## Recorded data
Segment Open

Lemma list_choice (A B : Type) (R : A -> B -> Prop) (l : list A) :
  (forall a, In a l -> exists b, R a b) ->
  exists l' : list B, forall a, In a l -> exists b, In b l' /\ R a b.
Proof.
  induction l as [| a l IH]; intro H.
  - exists nil; intros a [].
  - destruct (H a (or_introl eq_refl)) as [b Rab].
    destruct IH as [l' Hl']; [intros a' Ha'; apply H; right; exact Ha' |].
    exists (b :: l'); intros a' [<- | Ha'].
    + exists b; split; [left |]; auto.
    + destruct (Hl' a' Ha') as [b' [Hb' Rb']]; exists b'; split; [right |]; auto.
Qed.

Lemma list_filter_prop (A : Type) (P : A -> Prop) (l : list A) :
  exists l' : list A, forall a, In a l' <-> In a l /\ P a.
Proof.
  induction l as [| a l [l' Hl']].
  - exists nil; intro a; simpl; tauto.
  - destruct (classic (P a)) as [Pa | nPa].
    + exists (a :: l'); intro b; simpl; rewrite Hl'; split.
      * intros [<- | [Hb Pb]]; auto.
      * intros [[<- | Hb] Pb]; auto.
    + exists l'; intro b; simpl; rewrite Hl'; split.
      * intros [Hb Pb]; auto.
      * intros [[<- | Hb] Pb]; [contradiction | auto].
Qed.

Definition closure (X : TopSpace) (A : X -> Prop) (x : X) : Prop :=
  forall O, is_open X O -> O x -> exists y, O y /\ A y.

Definition interior (X : TopSpace) (A : X -> Prop) (x : X) : Prop :=
  exists O, is_open X O /\ subset O A /\ O x.

Section ClosureInterior.

Variable X : TopSpace.

Lemma subset_closure (A : X -> Prop) : subset A (closure X A).
Proof. intros x Ax O _ Ox; eauto. Qed.

Lemma closure_monotone (A B : X -> Prop) : subset A B -> subset (closure X A) (closure X B).
Proof.
  intros AB x Hx O HO Ox.
  destruct (Hx O HO Ox) as [y [Oy Ay]]; eauto.
Qed.

Lemma not_closure_disjoint_open (A V : X -> Prop) (x : X) :
  is_open X V -> V x -> (forall y, V y -> A y -> False) -> ~ closure X A x.
Proof.
  intros HV Vx HVA Hx.
  destruct (Hx V HV Vx) as [y [Vy Ay]]; exact (HVA y Vy Ay).
Qed.

Lemma is_open_not_closure (A : X -> Prop) : is_open X (fun x => ~ closure X A x).
Proof.
  apply is_open_ext with
    (A := fun x => exists O, (is_open X O /\ forall y, O y -> ~ A y) /\ O x).
  - apply open_union; intros O [HO _]; exact HO.
  - intro x; split.
    + intros [O [[HO HOA] Ox]].
      apply (not_closure_disjoint_open A O x HO Ox HOA).
    + intro Hx; apply NNPP; intro Hn; apply Hx; intros O HO Ox.
      apply NNPP; intro HOA; apply Hn.
      exists O; split; [split; [exact HO | intros y Oy Ay; apply HOA; eauto] | exact Ox].
Qed.

Lemma not_closure_list_union (I : Type) (l : list I) (G : I -> X -> Prop) (x : X) :
  (forall i, In i l -> ~ closure X (G i) x) ->
  ~ closure X (fun y => exists i, In i l /\ G i y) x.
Proof.
  intro Hx.
  apply (not_closure_disjoint_open _ (fun y => forall i, In i l -> ~ closure X (G i) y)).
  - apply is_open_list_inter; intro i; apply is_open_not_closure.
  - exact Hx.
  - intros y Hy [i [Hi Giy]]; exact (Hy i Hi (subset_closure (G i) y Giy)).
Qed.

Lemma closure_dense_inter_open (D G : X -> Prop) :
  dense X D -> is_open X G -> subset G (closure X (fun y => D y /\ G y)).
Proof.
  intros HD HG x Gx O HO Ox.
  destruct (HD (fun y => O y /\ G y)) as [y [[Oy Gy] Dy]].
  - apply open_inter; assumption.
  - exists x; auto.
  - eauto.
Qed.

Lemma is_open_interior (A : X -> Prop) : is_open X (interior X A).
Proof.
  apply is_open_ext with (A := fun x => exists O, (is_open X O /\ subset O A) /\ O x).
  - apply open_union; intros O [HO _]; exact HO.
  - intro x; split; intros [O H]; exists O; tauto.
Qed.

Lemma interior_subset (A : X -> Prop) : subset (interior X A) A.
Proof. intros x [O [_ [OA Ox]]]; auto. Qed.

Lemma regular_closed_nbhd (U : X -> Prop) (x : X) :
  regular X -> is_open X U -> U x ->
  exists V H, is_open X V /\ V x /\ is_closed X H /\ subset V H /\ subset H U.
Proof.
  intros Hreg HU Ux.
  destruct (Hreg x (fun z => ~ U z)) as [V [W [HV [HW [Vx [nUW VW]]]]]].
  - apply is_closed_compl_open, HU.
  - tauto.
  - exists V, (fun z => ~ W z); split; [exact HV |]; split; [exact Vx |].
    split; [| split].
    + apply is_closed_compl_open, HW.
    + intros z Vz Wz; exact (VW z Vz Wz).
    + intros z nWz; apply NNPP; intro nUz; exact (nWz (nUW z nUz)).
Qed.

End ClosureInterior.

Lemma compact_indexed_subcover (X : TopSpace) (K : X -> Prop) (I : Type) (G : I -> X -> Prop) :
  compact X K -> (forall i, is_open X (G i)) -> (forall x, K x -> exists i, G i x) ->
  exists l : list I, forall x, K x -> exists i, In i l /\ G i x.
Proof.
  intros HK HG Hcov.
  destruct (HK (fun O => exists i, O = G i)) as [l [Hl Hlcov]].
  - intros U [i ->]; auto.
  - intros x Kx; destruct (Hcov x Kx) as [i Gx]; eauto.
  - destruct (list_choice _ _ (fun O i => O = G i) l Hl) as [li Hli].
    exists li; intros x Kx.
    destruct (Hlcov x Kx) as [O [HO Ox]].
    destruct (Hli O HO) as [i [Hi ->]]; eauto.
Qed.

Lemma compact_inter_closed (X : TopSpace) (C A : X -> Prop) :
  compact X C -> is_closed X A -> compact X (fun x => C x /\ A x).
Proof.
  intros HC HA Ucal HU Hcov.
  destruct (HC (fun O => Ucal O \/ O = (fun x => ~ A x))) as [l [Hl Hlcov]].
  - intros O [HO | ->]; auto.
  - intros x Cx; destruct (classic (A x)) as [Ax | nAx].
    + destruct (Hcov x (conj Cx Ax)) as [U [HU' Ux]]; eauto.
    + exists (fun x => ~ A x); auto.
  - destruct (list_filter_prop _ Ucal l) as [l' Hl'].
    exists l'; split.
    + intros O HO; apply Hl', HO.
    + intros x [Cx Ax]; destruct (Hlcov x Cx) as [O [HO Ox]].
      destruct (Hl O HO) as [UO | ->]; [exists O; rewrite Hl'; auto | contradiction].
Qed.

Lemma compact_image (X Y : TopSpace) (f : X -> Y) (K : X -> Prop) :
  continuous X Y f -> compact X K -> compact Y (fun y => exists x, K x /\ f x = y).
Proof.
  intros Hf HK Ucal HU Hcov.
  destruct (compact_indexed_subcover X K {U | Ucal U} (fun i x => proj1_sig i (f x)) HK)
    as [li Hli].
  - intro i; apply Hf, HU, (proj2_sig i).
  - intros x Kx; destruct (Hcov (f x) (ex_intro _ x (conj Kx eq_refl))) as [U [UU Ufx]].
    exists (exist _ U UU); exact Ufx.
  - exists (map (@proj1_sig _ _) li); split.
    + intros U HU'; apply in_map_iff in HU' as [i [<- _]]; exact (proj2_sig i).
    + intros y [x [Kx <-]]; destruct (Hli x Kx) as [i [Hi Hfx]].
      exists (proj1_sig i); split; [apply in_map |]; assumption.
Qed.

Section HausdorffSeparation.

Variables (Y : TopSpace) (HY : hausdorff Y).

Lemma hausdorff_separate_point_compact (K : Y -> Prop) (p : Y) :
  compact Y K -> ~ K p ->
  exists G, is_open Y G /\ G p /\ forall k, K k -> ~ closure Y G k.
Proof.
  intros HK nKp.
  set (I := {q : (Y -> Prop) * (Y -> Prop) | is_open Y (fst q) /\ is_open Y (snd q) /\
              fst q p /\ forall y, fst q y -> snd q y -> False}).
  destruct (compact_indexed_subcover Y K I (fun i => snd (proj1_sig i)) HK) as [l Hl].
  - intro i; exact (proj1 (proj2 (proj2_sig i))).
  - intros k Kk.
    destruct (HY p k) as [U [V [HU [HV [Up [Vk UV]]]]]]; [intros ->; contradiction |].
    exists (exist _ (U, V) (conj HU (conj HV (conj Up UV))) : I); exact Vk.
  - exists (fun y => forall i, In i l -> fst (proj1_sig i) y); repeat split.
    + apply is_open_list_inter; intro i; exact (proj1 (proj2_sig i)).
    + intros i _; exact (proj1 (proj2 (proj2 (proj2_sig i)))).
    + intros k Kk; destruct (Hl k Kk) as [i [Hi Vk]].
      destruct (proj2_sig i) as [_ [HV [_ UV]]].
      apply (not_closure_disjoint_open Y _ _ k HV Vk).
      intros y Vy Gy; exact (UV y (Gy i Hi) Vy).
Qed.

Lemma hausdorff_separate_compacts (K1 K2 : Y -> Prop) :
  compact Y K1 -> compact Y K2 -> (forall y, K1 y -> K2 y -> False) ->
  exists G, is_open Y G /\ subset K1 G /\ forall k, K2 k -> ~ closure Y G k.
Proof.
  intros HK1 HK2 K12.
  set (I := {G : Y -> Prop | is_open Y G /\ forall k, K2 k -> ~ closure Y G k}).
  destruct (compact_indexed_subcover Y K1 I (@proj1_sig _ _) HK1) as [l Hl].
  - intro i; exact (proj1 (proj2_sig i)).
  - intros y K1y.
    destruct (hausdorff_separate_point_compact K2 y HK2 (K12 y K1y)) as [G [HG [Gy HGK2]]].
    exists (exist _ G (conj HG HGK2)); exact Gy.
  - exists (fun y => exists i, In i l /\ proj1_sig i y); repeat split.
    + apply is_open_indexed_union; intros i _; exact (proj1 (proj2_sig i)).
    + exact Hl.
    + intros k K2k; apply not_closure_list_union; intros i _; exact (proj2 (proj2_sig i) k K2k).
Qed.

End HausdorffSeparation.

Lemma encode_countable_family (T : Type) (D : T -> Prop) (code : T -> nat) (S : nat -> T -> Prop) :
  (forall d d', D d -> D d' -> code d = code d' -> d = d') ->
  exists b : nat -> bool, forall n d, D d -> (b (Cantor.to_nat (n, code d)) = true <-> S n d).
Proof.
  intro code_inj.
  set (P := fun m => exists n d, D d /\ S n d /\ m = Cantor.to_nat (n, code d)).
  exists (fun m => if excluded_middle_informative (P m) then true else false).
  intros n d Dd.
  destruct (excluded_middle_informative _) as [[n' [d' [Dd' [Sd' E]]]] | nP]; split;
    try discriminate; auto.
  - intros _.
    apply (f_equal Cantor.of_nat) in E; rewrite !Cantor.cancel_of_to in E.
    injection E as <- Ec; rewrite (code_inj d d' Dd Dd' Ec); exact Sd'.
  - intro Sd; exfalso; apply nP; exists n, d; auto.
Qed.

Section CantorIndexedBase.

Variables (X Y : TopSpace) (f : X -> Y).
Hypotheses (HY : hausdorff Y) (f_cont : continuous X Y f)
  (f_inj : forall x x', f x = f x' -> x = x').
Variables (F : nat -> X -> Prop) (Ccal : (X -> Prop) -> Prop).
Hypotheses (Ccal_compact : forall C, Ccal C -> compact X C)
  (Ccal_cover : forall x, exists C, Ccal C /\ C x)
  (F_network : forall C U, Ccal C -> is_open X U -> subset C U ->
                 exists n, subset C (F n) /\ subset (F n) U).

Segment Closed

## Task
Apply a filter for "Type" to the entries and show each line that passes.

## Task output
Lemma list_choice (A B : Type) (R : A -> B -> Prop) (l : list A) :
Lemma list_filter_prop (A : Type) (P : A -> Prop) (l : list A) :
Lemma not_closure_list_union (I : Type) (l : list I) (G : I -> X -> Prop) (x : X) :
Lemma compact_indexed_subcover (X : TopSpace) (K : X -> Prop) (I : Type) (G : I -> X -> Prop) :
Lemma encode_countable_family (T : Type) (D : T -> Prop) (code : T -> nat) (S : nat -> T -> Prop) :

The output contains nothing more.